(* Let $r\ge 1$ and $\mathbf{s}\in\mathbb{Z}^r$. Suppose $\boldsymbol{\lambda},\boldsymbol{\mu}\in\Lambda^{(r)}$ satisfy $(\boldsymbol{\lambda},\mathbf{s})\approx_e(\boldsymbol{\mu},\mathbf{s})$. Then $\Psi_r(\boldsymbol{\lambda},\mathbf{s})\approx_e\Psi_r(\boldsymbol{\mu},\mathbf{s})$ in $\mathcal{A}_e$.
   Context: Fix an integer $e\ge 2$. A partition is a weakly decreasing sequence $\lambda=(\lambda_1,\lambda_2,\dots)$ of non-negative integers with finite sum $|\lambda|$; $\Lambda$ denotes the set of partitions and $\Lambda^{(m)}$ the set of $m$-multipartitions, i.e. $m$-tuples $\boldsymbol\lambda=(\lambda^{(1)},\dots,\lambda^{(m)})$ of partitions, with $|\boldsymbol\lambda|=\sum_k|\lambda^{(k)}|$. A $\beta$-set is a subset $B\subseteq\mathbb{Z}$ containing all sufficiently small integers and no sufficiently large ones. For $\lambda\in\Lambda$ and $s\in\mathbb{Z}$ set $B_s(\lambda)=\{\lambda_i-i+s : i\ge 1\}$; every $\beta$-set equals $B_s(\lambda)$ for a unique pair $(\lambda,s)$. For $N\ge 2$ let $\mathcal{A}_N=\Lambda\times\mathbb{Z}$ (abacus configurations with $N$ runners: a bead at each position $b\in B_s(\lambda)$, position $b=aN+i$, $0\le i<N$, lying on runner $i$) and $\mathcal{A}_N^m=\Lambda^{(m)}\times\mathbb{Z}^m$, where $(\boldsymbol\lambda,\mathbf{s})$ is identified with the $m$-tuple of $\beta$-sets $(B_{s_1}(\lambda^{(1)}),\dots,B_{s_m}(\lambda^{(m)}))$. Blocks: for $(\boldsymbol\lambda,\mathbf{s})\in\mathcal{A}_N^m$, its $N$-residue multiset is the multiset of the values $s_k+y-x \bmod N$ over all nodes $(x,y,k)$ with $x\ge1$, $1\le y\le\lambda^{(k)}_x$, $1\le k\le m$. Define $(\boldsymbol\lambda,\mathbf{s})\approx_N(\boldsymbol\mu,\mathbf{s}')$ iff $\mathbf{s}=\mathbf{s}'$, $|\boldsymbol\lambda|=|\boldsymbol\mu|$ and the $N$-residue multisets coincide. Its equivalence classes are called blocks. (For $N=e$ these are exactly the sets of multipartitions indexing Specht modules in a common block of the Ariki–Koike algebra $\mathcal{H}_{m,n}(q,(q^{s_1},\dots,q^{s_m}))$, $q$ a primitive $e$-th root of unity.) Uglov's map: for $1\le k\le r$ define $\psi_k:\mathbb{Z}\to\mathbb{Z}$ by $\psi_k(ae+i)=((a+1)r-k)e+i$ for $a\in\mathbb{Z}$, $0\le i<e$. For $(\boldsymbol\lambda,\mathbf{s})\in\mathcal{A}_e^r$ the set $B=\bigsqcup_{k=1}^r\psi_k(B_{s_k}(\lambda^{(k)}))$ is a $\beta$-set, and $\Psi_r(\boldsymbol\lambda,\mathbf{s})$ is the unique $(\tilde\lambda,\tilde s)\in\mathcal{A}_e$ with $B_{\tilde s}(\tilde\lambda)=B$. $\Psi_r:\mathcal{A}_e^r\to\mathcal{A}_e$ is a bijection; $\Phi_r=\Psi_r^{-1}$. *)

From mathcomp Require Import all_boot all_order all_algebra.
Set Implicit Arguments. Unset Strict Implicit. Unset Printing Implicit Defensive.
Import Order.TTheory GRing.Theory Num.Theory.
Local Open Scope ring_scope.

(* A partition: a weakly decreasing list of positive parts (trailing zeros
   of the infinite sequence dropped); lambda_i = nth 0 l (i-1). *)
Definition is_part (l : seq nat) : bool :=
  sorted geq l && all (fun x => (0 < x)%N) l.

Definition beta_set (s : int) (l : seq nat) (b : int) : Prop :=
  exists i : nat, b = (nth 0%N l i)%:Z - (i.+1)%:Z + s.

(* number of nodes (x,y,k) of (lam, s) with N-residue s_k + y - x = c mod N
   (0-indexed x,y here: node (x+1,y+1,k)) *)
Definition res_count (N : nat) (m : nat) (lam : 'I_m -> seq nat)
  (s : 'I_m -> int) (c : int) : nat :=
  (\sum_(k < m) \sum_(x < size (lam k)) \sum_(y < nth 0%N (lam k) x)
     (((s k + y%:Z - x%:Z) %% N%:Z)%Z == c))%N.

Definition msize (m : nat) (lam : 'I_m -> seq nat) : nat :=
  (\sum_(k < m) sumn (lam k))%N.

Definition block_equiv (N m : nat) (lam : 'I_m -> seq nat) (s : 'I_m -> int)
  (mu : 'I_m -> seq nat) (s' : 'I_m -> int) : Prop :=
  s =1 s' /\ msize lam = msize mu /\
  forall c : int, res_count N lam s c = res_count N mu s' c.

Definition block_equiv1 (N : nat) (l : seq nat) (s : int) (l' : seq nat) (s' : int)
  : Prop :=
  block_equiv N (fun _ : 'I_1 => l) (fun _ => s) (fun _ => l') (fun _ => s').

(* psi_k (a e + i) = ((a+1) r - k) e + i, 0 <= i < e; k = k0 + 1 with k0 : 'I_r *)
Definition psi (e r : nat) (k0 : nat) (b : int) : int :=
  (((b %/ e%:Z)%Z + 1) * r%:Z - (k0.+1)%:Z) * e%:Z + (b %% e%:Z)%Z.

Definition uglov_set (e r : nat) (lam : 'I_r -> seq nat) (s : 'I_r -> int)
  (b : int) : Prop :=
  exists (k : 'I_r) (b' : int), beta_set (s k) (lam k) b' /\ b = psi e r k b'.

Definition Psi_rel (e r : nat) (lam : 'I_r -> seq nat) (s : 'I_r -> int)
  (lt : seq nat) (st : int) : Prop :=
  is_part lt /\ forall b : int, beta_set st lt b <-> @uglov_set e r lam s b.
Arguments Psi_rel e {r} lam s lt st.
Arguments block_equiv N {m} lam s mu s'.

From mathcomp Require Import all_boot all_order all_algebra zify ring.
Set Implicit Arguments. Unset Strict Implicit. Unset Printing Implicit Defensive.
Import Order.TTheory GRing.Theory Num.Theory.
Local Open Scope ring_scope.
Lemma mulmx_rV_cV4 (R : pzSemiRingType) (r : 'rV[R]_4) (c : 'cV[R]_4) :
  (r *m c) 0 0 = r 0 i0 * c i0 0 + r 0 i1 * c i1 0 + r 0 i2 * c i2 0 + r 0 i3 * c i3 0.
Proof.
rewrite mxE !big_ord_recr big_ord0 /= add0r.
by do ![congr (_ + _) | congr (_ * _) | congr (fun_of_matrix _ _ _) | apply: val_inj].
Qed.

Lemma col4P (T : Type) (c c' : 'cV[T]_4) : c i0 0 = c' i0 0 -> c i1 0 = c' i1 0 ->
  c i2 0 = c' i2 0 -> c i3 0 = c' i3 0 -> c = c'.
Proof.
move=> e0 e1 e2 e3; apply/matrixP => i j; rewrite ord1.
by case: i => -[|[|[|[|k]]]] ik //; rewrite (bool_irrelevance ik isT).
Qed.

Section RowSpaces.
Variables (F : fieldType) (n : nat).

Lemma eqmx_of_rank m p (A : 'M[F]_(m, n)) (B : 'M[F]_(p, n)) :
  (A <= B)%MS -> \rank B = \rank A -> (A == B)%MS.
Proof. by move=> sAB rB; rewrite -(mxrank_leqif_eq sAB) rB. Qed.

Lemma sub_kermx_rV (v : 'rV[F]_n) (c : 'cV[F]_n) :
  (v <= kermx c)%MS = ((v *m c) 0 0 == 0).
Proof.
apply/sub_kermxP/eqP => [-> | vc0]; first by rewrite mxE.
by apply/matrixP => i j; rewrite !ord1 vc0 mxE.
Qed.

Lemma rank_kermx_col (c : 'cV[F]_n) : c != 0 -> \rank (kermx c) = n.-1.
Proof. by move=> c_neq0; rewrite mxrank_ker -mxrank_tr rank_rV trmx_eq0 c_neq0 subn1. Qed.

Lemma exists_kermx_col m (A : 'M[F]_(m, n)) :
  (\rank A < n)%N -> exists2 c : 'cV[F]_n, c != 0 & (A <= kermx c)%MS.
Proof.
move=> rA; have : kermx A^T != 0.
  by rewrite -mxrank_eq0 mxrank_ker mxrank_tr subn_eq0 -ltnNge.
case/rowV0Pn => v /sub_kermxP vA v_neq0; exists v^T; first by rewrite trmx_eq0.
by apply/sub_kermxP; rewrite -[A]trmxK -trmx_mul vA trmx0.
Qed.

Lemma rank_adds_rank1 m p (A : 'M[F]_(m, n)) (P : 'M[F]_(p, n)) :
  \rank P = 1%N -> ~~ (P <= A)%MS -> \rank (A + P)%MS = (\rank A).+1.
Proof.
move=> rP nPA; have : (\rank (A :&: P) < \rank P)%N.
  rewrite (ltn_leqif (mxrank_leqif_eq (capmxSr A P))); apply: contra nPA.
  by case/andP=> _ /submx_trans; apply; apply: capmxSl.
by have := mxrank_sum_cap A P; rewrite rP; lia.
Qed.

End RowSpaces.

Section Subspaces.
Variable F : finFieldType.
Implicit Types (P l pi : 'M[F]_4).

Lemma rank_pt P : P \in pts F -> \rank P = 1%N.
Proof. by case/imsetP=> v; rewrite inE => v_neq0 ->; rewrite genmxE rank_rV v_neq0. Qed.

Lemma rank_line l : l \in lines F -> \rank l = 2%N.
Proof. by case/imsetP=> A; rewrite inE => /eqP rA ->; rewrite genmxE. Qed.

Lemma rank_plane pi : pi \in planes F -> \rank pi = 3%N.
Proof. by case/imsetP=> A; rewrite inE => /eqP rA ->; rewrite genmxE. Qed.

Lemma genmx_pt (A : 'M[F]_4) : \rank A = 1%N -> <<A>>%MS \in pts F.
Proof.
move=> rA; have : A != 0 by rewrite -mxrank_eq0 rA.
case/rowV0Pn=> v vA v_neq0; apply/imsetP; exists v; first by rewrite inE.
by apply/esym/genmxP; apply: eqmx_of_rank; rewrite // rank_rV v_neq0 rA.
Qed.

Lemma genmx_line (A : 'M[F]_4) : \rank A = 2%N -> <<A>>%MS \in lines F.
Proof. by move=> rA; apply/imsetP; exists A; rewrite ?inE ?rA. Qed.

Lemma genmx_plane (A : 'M[F]_4) : \rank A = 3%N -> <<A>>%MS \in planes F.
Proof. by move=> rA; apply/imsetP; exists A; rewrite ?inE ?rA. Qed.

Lemma plane_kermx pi : pi \in planes F ->
  exists2 c : 'cV[F]_4, c != 0 & (pi == kermx c)%MS.
Proof.
move=> /rank_plane rpi; have [|c c_neq0 pic] := exists_kermx_col (A := pi).
  by rewrite rpi.
by exists c => //; rewrite eqmx_of_rank // rank_kermx_col.
Qed.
....
**Assignment**
Copy from the entries above each line in which the string "planes" can be found.

**Completed exercise**
Lemma rank_plane pi : pi \in planes F -> \rank pi = 3%N.
Lemma genmx_plane (A : 'M[F]_4) : \rank A = 3%N -> <<A>>%MS \in planes F.
Lemma plane_kermx pi : pi \in planes F ->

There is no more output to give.